(* Let $s \geq 1$, $\Gamma = (\gamma_1, \ldots, \gamma_s), \alpha = (\alpha_1, \ldots, \alpha_s) \in \mathbb{Z}^s$, and $u \in \mathbb{Z}_{\geq 0}$. For any fixed $\Pi \subset [s]$ with $|\Pi| > u$, \[ \sum_{\substack{\sigma \in \mathfrak{S}_s \\ M \subset \Pi}} (-1)^{|M|} \operatorname{sgn}(\sigma)\, \Delta_s(\sigma \cdot^\alpha \Gamma - 1_M)\, |M|^u = 0. \]
   Context: For $\sigma \in \mathfrak{S}_s$ and $\Gamma \in \mathbb{Z}^s$, $\sigma \cdot \Gamma = (\gamma_{\sigma^{-1}(1)}, \ldots, \gamma_{\sigma^{-1}(s)})$, and $\sigma \cdot^\alpha \Gamma = \sigma \cdot (\Gamma + \alpha) - \alpha$, i.e. its $\ell$-th entry is $\gamma_{\sigma^{-1}(\ell)} + \alpha_{\sigma^{-1}(\ell)} - \alpha_\ell$. $\Delta_s(y_1, \ldots, y_s) = \prod_{1 \leq v < w \leq s}(y_w - y_v)$. $1_M \in \{0,1\}^s$ is the indicator vector of $M \subset [s]$. The convention $0^0 = 1$ is used. *)

From mathcomp Require Import all_boot all_order all_algebra all_fingroup.
Set Implicit Arguments. Unset Strict Implicit. Unset Printing Implicit Defensive.
Import GRing.Theory Num.Theory.
Local Open Scope ring_scope.

Definition perm_act (s : nat) (sigma : {perm 'I_s}) (G : 'I_s -> int) : 'I_s -> int :=
  fun l => G ((sigma^-1)%g l).

Definition perm_act_alpha (s : nat) (sigma : {perm 'I_s}) (alpha G : 'I_s -> int)
  : 'I_s -> int :=
  fun l => perm_act sigma (fun i => G i + alpha i) l - alpha l.

Definition Delta (s : nat) (y : 'I_s -> int) : int :=
  \prod_(v < s) \prod_(w < s | (v < w)%N) (y w - y v).

Definition indic (s : nat) (M : {set 'I_s}) : 'I_s -> int :=
  fun l => (l \in M)%:R.

Definition sgnp (s : nat) (sigma : {perm 'I_s}) : int := (-1) ^+ odd_perm sigma.

From mathcomp Require Import all_boot all_order all_algebra all_fingroup.
Set Implicit Arguments. Unset Strict Implicit. Unset Printing Implicit Defensive.
Import GRing.Theory.
Local Open Scope ring_scope.

(* With x = Gamma + alpha and c = alpha + 1_M, the inner sum over sigma is
   sum_sigma sgn(sigma) Delta(sigma . x - c), and it does not depend on c.
   Writing Delta as a Vandermonde determinant, sgn(sigma) Delta(sigma . x - c)
   is the determinant of the matrix whose column j is column j of U_(c (sigma j)) V,
   where V is the Vandermonde matrix of x and U_c is the lower unitriangular
   binomial matrix turning the powers of x into the powers of x - c.  Polarization
   (inclusion-exclusion on the columns) rewrites the sum over sigma as
   (-1)^s sum_S (-1)^|S| det(sum_(i in S) U_(c i)) det V, and
   det(sum_(i in S) U_(c i)) = |S|^s, so the sum equals s! Delta(x).
   It remains that sum_(M in Pi) (-1)^|M| |M|^u = 0 for u < |Pi|: counting
   |M|^u as the maps [u] -> M, for each map h the alternating sum over the
   M between the image of h and Pi vanishes. *)

Section SignedSubsetSums.
Variables (R : pzRingType) (T : finType).

Lemma sum_sign_interval_eq0 (A B : {set T}) (x : T) : x \in B -> x \notin A ->
  \sum_(M : {set T} | (A \subset M) && (M \subset B)) (-1) ^+ #|M| = 0 :> R.
Proof.
move=> xB xA; rewrite (bigID (fun M : {set T} => x \in M)) /=.
rewrite (reindex_onto (fun N => x |: N) (fun M => M :\ x)) /=; last first.
  by move=> M /andP[_ xM]; rewrite setD1K.
apply/eqP; rewrite addr_eq0 -sumrN; apply/eqP; apply: eq_big => N.
  rewrite setU11 andbT; case xN: (x \in N).
    by rewrite andbF; apply/negbTE/negP => /andP[_ /eqP/setP/(_ x)]; rewrite !inE eqxx xN.
  have AxA : A :\ x = A by apply/setDidPl; rewrite disjoint_sym disjoints1.
  by rewrite setU1K ?xN // eqxx !andbT -subDset AxA subUset sub1set xB.
by move=> /andP[_ /eqP <-]; rewrite cardsU1 setD11 exprS mulN1r.
Qed.

Lemma sum_sign_interval_lt_eq0 (A B : {set T}) : (#|A| < #|B|)%N ->
  \sum_(M : {set T} | (A \subset M) && (M \subset B)) (-1) ^+ #|M| = 0 :> R.
Proof.
move=> ltAB; have [sAB | nsAB] := boolP (A \subset B); last first.
  rewrite big_pred0 // => M; apply/negbTE.
  by apply: contra nsAB => /andP[/subset_trans]; apply.
have /subsetPn[x xB xA] : ~~ (B \subset A).
  by apply: contraTN ltAB => /subset_leq_card; rewrite leqNgt.
exact: sum_sign_interval_eq0 xB xA.
Qed.

Lemma ffun_on_imset (aT : finType) (h : {ffun aT -> T}) (S : {set T}) :
  (h \in ffun_on (mem S)) = ([set h i | i in aT] \subset S).
Proof.
apply/ffun_onP/subsetP => hS y; last exact/hS/imset_f.
by case/imsetP => i _ ->; apply: hS.
Qed.

Lemma sum_sign_cardX_eq0 (Pi : {set T}) (u : nat) : (u < #|Pi|)%N ->
  \sum_(M : {set T} | M \subset Pi) (-1) ^+ #|M| * #|M|%:R ^+ u = 0 :> R.
Proof.
move=> ltuPi.
have cardM (M : {set T}) :
    #|M|%:R ^+ u = \sum_(h : {ffun 'I_u -> T} | h \in ffun_on (mem M)) 1 :> R.
  by rewrite sumr_const -natrX -[X in (_ ^ X)%N]card_ord -card_ffun_on.
under eq_bigr => M _ do rewrite cardM mulr_sumr.
rewrite (exchange_big_dep predT) //=; apply: big1 => h _.
under eq_bigl => M do rewrite andbC ffun_on_imset.
under eq_bigr => M _ do rewrite mulr1.
apply: sum_sign_interval_lt_eq0; apply: leq_ltn_trans ltuPi.
by rewrite -[u in (_ <= u)%N]card_ord leq_imset_card.
Qed.

End SignedSubsetSums.

Section ColumnMixtures.
Variables (R : comPzRingType) (n : nat).

Definition col_mix (B : 'I_n -> 'M[R]_n) (h : 'I_n -> 'I_n) : 'M[R]_n :=
  \matrix_(k, j) B (h j) k j.

Lemma det_sum_col_mix (B : 'I_n -> 'M[R]_n) (S : {set 'I_n}) :
  \det (\sum_(i in S) B i) =
  \sum_(h : {ffun 'I_n -> 'I_n} | h \in ffun_on (mem S)) \det (col_mix B h).
Proof.
rewrite -det_tr; under [RHS]eq_bigr => h _ do rewrite -det_tr.
rewrite /determinant exchange_big /=; apply: eq_bigr => t _.
rewrite -mulr_sumr; congr (_ * _).
under eq_bigr => j _ do rewrite mxE summxE.
by rewrite bigA_distr_big; apply: eq_bigr => h _; apply: eq_bigr => j _; rewrite !mxE.
Qed.

Lemma sum_sign_ffun_on (h : {ffun 'I_n -> 'I_n}) :
  \sum_(S : {set 'I_n} | h \in ffun_on (mem S)) (-1) ^+ #|S| =
  (if injectiveb h then (-1) ^+ n else 0) :> R.
Proof.
under eq_bigl => S do rewrite ffun_on_imset -[_ \subset S]andbT -(subsetT S).
have [/injectiveP h_inj | /injectiveP h_ninj] := boolP (injectiveb h).
  have imT : [set h i | i in 'I_n] = [set: 'I_n].
    by apply/eqP; rewrite eqEcard subsetT cardsT (card_in_imset (in2W h_inj)) leqnn.
  rewrite imT (big_pred1 [set: 'I_n]) ?cardsT ?card_ord // => S.
  by rewrite subsetT andbT subTset.
apply: sum_sign_interval_lt_eq0; rewrite cardsT ltn_neqAle leq_imset_card andbT.
by apply: contra_notN h_ninj => card_im; apply: in2T; apply/imset_injP.
Qed.

Lemma sum_perm_det_col_mix (B : 'I_n -> 'M[R]_n) :
  (-1) ^+ n * \sum_(t : 'S_n) \det (col_mix B t) =
  \sum_(S : {set 'I_n}) (-1) ^+ #|S| * \det (\sum_(i in S) B i).
Proof.
under [RHS]eq_bigr => S _ do rewrite det_sum_col_mix mulr_sumr.
rewrite [RHS](exchange_big_dep predT) //=.
under eq_bigr => h _ do rewrite -mulr_suml sum_sign_ffun_on.
rewrite (bigID (fun h : {ffun 'I_n -> 'I_n} => injectiveb h)) /=.
rewrite [X in _ = _ + X]big1 ?addr0 => [|h /negbTE->]; last by rewrite mul0r.
rewrite mulr_sumr (reindex_omap (val : 'S_n -> {ffun 'I_n -> 'I_n}) insub) /=.
  by apply: eq_big => [t|t _]; rewrite (valP t) ?valK ?eqxx -?pvalE.
by move=> h hinj; rewrite insubT.
Qed.

End ColumnMixtures.

Section ShiftedVandermonde.
Variables (R : comPzRingType) (n : nat).

Definition shift_mx (c : R) : 'M[R]_n := \matrix_(k, m) ((- c) ^+ (k - m) *+ 'C(k, m)).

Lemma mul_shift_Vandermonde (c : R) (p : nat) (a : 'rV[R]_p) :
  shift_mx c *m Vandermonde n a = Vandermonde n (a - const_mx c).
Proof.
apply/matrixP => k j; rewrite !mxE addrC exprDn.
rewrite (big_ord_widen n (fun m => (- c) ^+ (k - m) * a 0 j ^+ m *+ 'C(k, m))) //.
rewrite [RHS]big_mkcond; apply: eq_bigr => m _; rewrite !mxE.
by case: ltnP => [_|lt_k_m]; rewrite ?mulrnAl // bin_small ?mulr0n.
Qed.

Lemma det_sum_shift_mx (I : finType) (c : I -> R) (S : {set I}) :
  \det (\sum_(i in S) shift_mx (c i)) = #|S|%:R ^+ n.
Proof.
rewrite det_trig; last first.
  apply/is_trig_mxP => k m lt_k_m; rewrite summxE big1 // => i _.
  by rewrite mxE bin_small ?mulr0n.
rewrite -[n in _ ^+ n]card_ord -prodr_const; apply: eq_bigr => k _.
by rewrite summxE (eq_bigr (fun=> 1)) ?sumr_const // => i _; rewrite mxE subnn binn.
Qed.

Lemma det_col_mix_shift_Vandermonde (x c : 'I_n -> R) (t : 'S_n) :
  \det (col_mix (fun i => shift_mx (c i) *m Vandermonde n (\row_j x j)) t) =
  (-1) ^+ t * \det (Vandermonde n (\row_l (x ((t^-1)%g l) - c l))).
Proof.
have -> : col_mix (fun i => shift_mx (c i) *m Vandermonde n (\row_j x j)) t =
          col_perm t (Vandermonde n (\row_l (x ((t^-1)%g l) - c l))).
  by apply/matrixP => k j; rewrite [LHS]mxE mul_shift_Vandermonde !mxE permK.
by rewrite col_permE det_mulmx det_perm odd_permV mulrC.
Qed.

Lemma sum_sign_cardX_self :
  \sum_(S : {set 'I_n}) (-1) ^+ #|S| * #|S|%:R ^+ n = (-1) ^+ n * n`!%:R :> R.
Proof.
have col_mix1 (h : 'I_n -> 'I_n) : col_mix (fun=> 1%:M) h = 1%:M :> 'M[R]_n.
  by apply/matrixP => k j; rewrite !mxE.
have := sum_perm_det_col_mix (fun=> 1%:M : 'M[R]_n).
under eq_bigr => t _ do rewrite col_mix1 det1.
rewrite sumr_const card_Sn => ->; apply: eq_bigr => S _.
by rewrite sumr_const -(raddfMn (@scalar_mx R n)) det_scalar.
Qed.

End ShiftedVandermonde.

Lemma sum_perm_det_Vandermonde_shift (R : comPzRingType) (n : nat) (x c : 'I_n -> R) :
  \sum_(t : 'S_n) (-1) ^+ t * \det (Vandermonde n (\row_l (x ((t^-1)%g l) - c l))) =
  n`!%:R * \det (Vandermonde n (\row_l x l)).
Proof.
apply: (can_inj (signrMK n)).
under eq_bigr => t _ do rewrite -det_col_mix_shift_Vandermonde.
rewrite sum_perm_det_col_mix mulrA -sum_sign_cardX_self mulr_suml.
apply: eq_bigr => S _; rewrite -mulmx_suml det_mulmx det_sum_shift_mx.
by rewrite mulrA.
Qed.

Lemma Delta_det_Vandermonde (n : nat) (y : 'I_n -> int) :
  Delta y = \det (Vandermonde n (\row_l y l)).
Proof.
by rewrite det_Vandermonde; apply: eq_bigr => v _; apply: eq_bigr => w _; rewrite !mxE.
Qed.

Lemma sum_sgnp_Delta_shift (n : nat) (x c : 'I_n -> int) :
  \sum_(t : 'S_n) sgnp t * Delta (fun l => x ((t^-1)%g l) - c l) = n`!%:R * Delta x.
Proof.
rewrite Delta_det_Vandermonde -(sum_perm_det_Vandermonde_shift x c).
by apply: eq_bigr => t _; rewrite Delta_det_Vandermonde.
Qed.

Lemma eq_Delta (n : nat) (y z : 'I_n -> int) : y =1 z -> Delta y = Delta z.
Proof.
by move=> eq_yz; apply: eq_bigr => v _; apply: eq_bigr => w _; rewrite !eq_yz.
Qed.

Theorem lemma6p3 (s : nat) (hs : (1 <= s)%N) (Gamma alpha : 'I_s -> int) (u : nat)
  (Pi : {set 'I_s}) (hPi : (u < #|Pi|)%N) :
  \sum_(sigma : {perm 'I_s}) \sum_(M : {set 'I_s} | M \subset Pi)
     (-1) ^+ #|M| * sgnp sigma
     * Delta (fun l => perm_act_alpha sigma alpha Gamma l - indic M l)
     * (#|M|%:R) ^+ u = 0 :> int.
Proof.
pose x l := Gamma l + alpha l.
have inner_sum (M : {set 'I_s}) :
    \sum_(sigma : 'S_s)
      sgnp sigma * Delta (fun l => perm_act_alpha sigma alpha Gamma l - indic M l)
    = s`!%:R * Delta x.
  rewrite -(sum_sgnp_Delta_shift x (fun l => alpha l + indic M l)).
  apply: eq_bigr => sigma _; congr (_ * _); apply: eq_Delta => l.
  by rewrite /perm_act_alpha /perm_act /x opprD addrA.
rewrite exchange_big /=; transitivity
  (\sum_(M : {set 'I_s} | M \subset Pi) (-1) ^+ #|M| * #|M|%:R ^+ u * (s`!%:R * Delta x)).
  apply: eq_bigr => M _; rewrite -(inner_sum M) !mulr_sumr; apply: eq_bigr => sigma _.
  by rewrite mulrAC -!mulrA; congr (_ * _); exact: mulrCA.
by rewrite -mulr_suml sum_sign_cardX_eq0 ?mul0r.
Qed.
..............................
## What the exercise asks
In the listing above, find the line with "by apply: contraTN" and the line with "have cardM (M"; output exactly those lines and all lines between them.

## Result
  by apply: contraTN ltAB => /subset_leq_card; rewrite leqNgt.
exact: sum_sign_interval_eq0 xB xA.
Qed.

Lemma ffun_on_imset (aT : finType) (h : {ffun aT -> T}) (S : {set T}) :
  (h \in ffun_on (mem S)) = ([set h i | i in aT] \subset S).
Proof.
apply/ffun_onP/subsetP => hS y; last exact/hS/imset_f.
by case/imsetP => i _ ->; apply: hS.
Qed.

Lemma sum_sign_cardX_eq0 (Pi : {set T}) (u : nat) : (u < #|Pi|)%N ->
  \sum_(M : {set T} | M \subset Pi) (-1) ^+ #|M| * #|M|%:R ^+ u = 0 :> R.
Proof.
move=> ltuPi.
have cardM (M : {set T}) :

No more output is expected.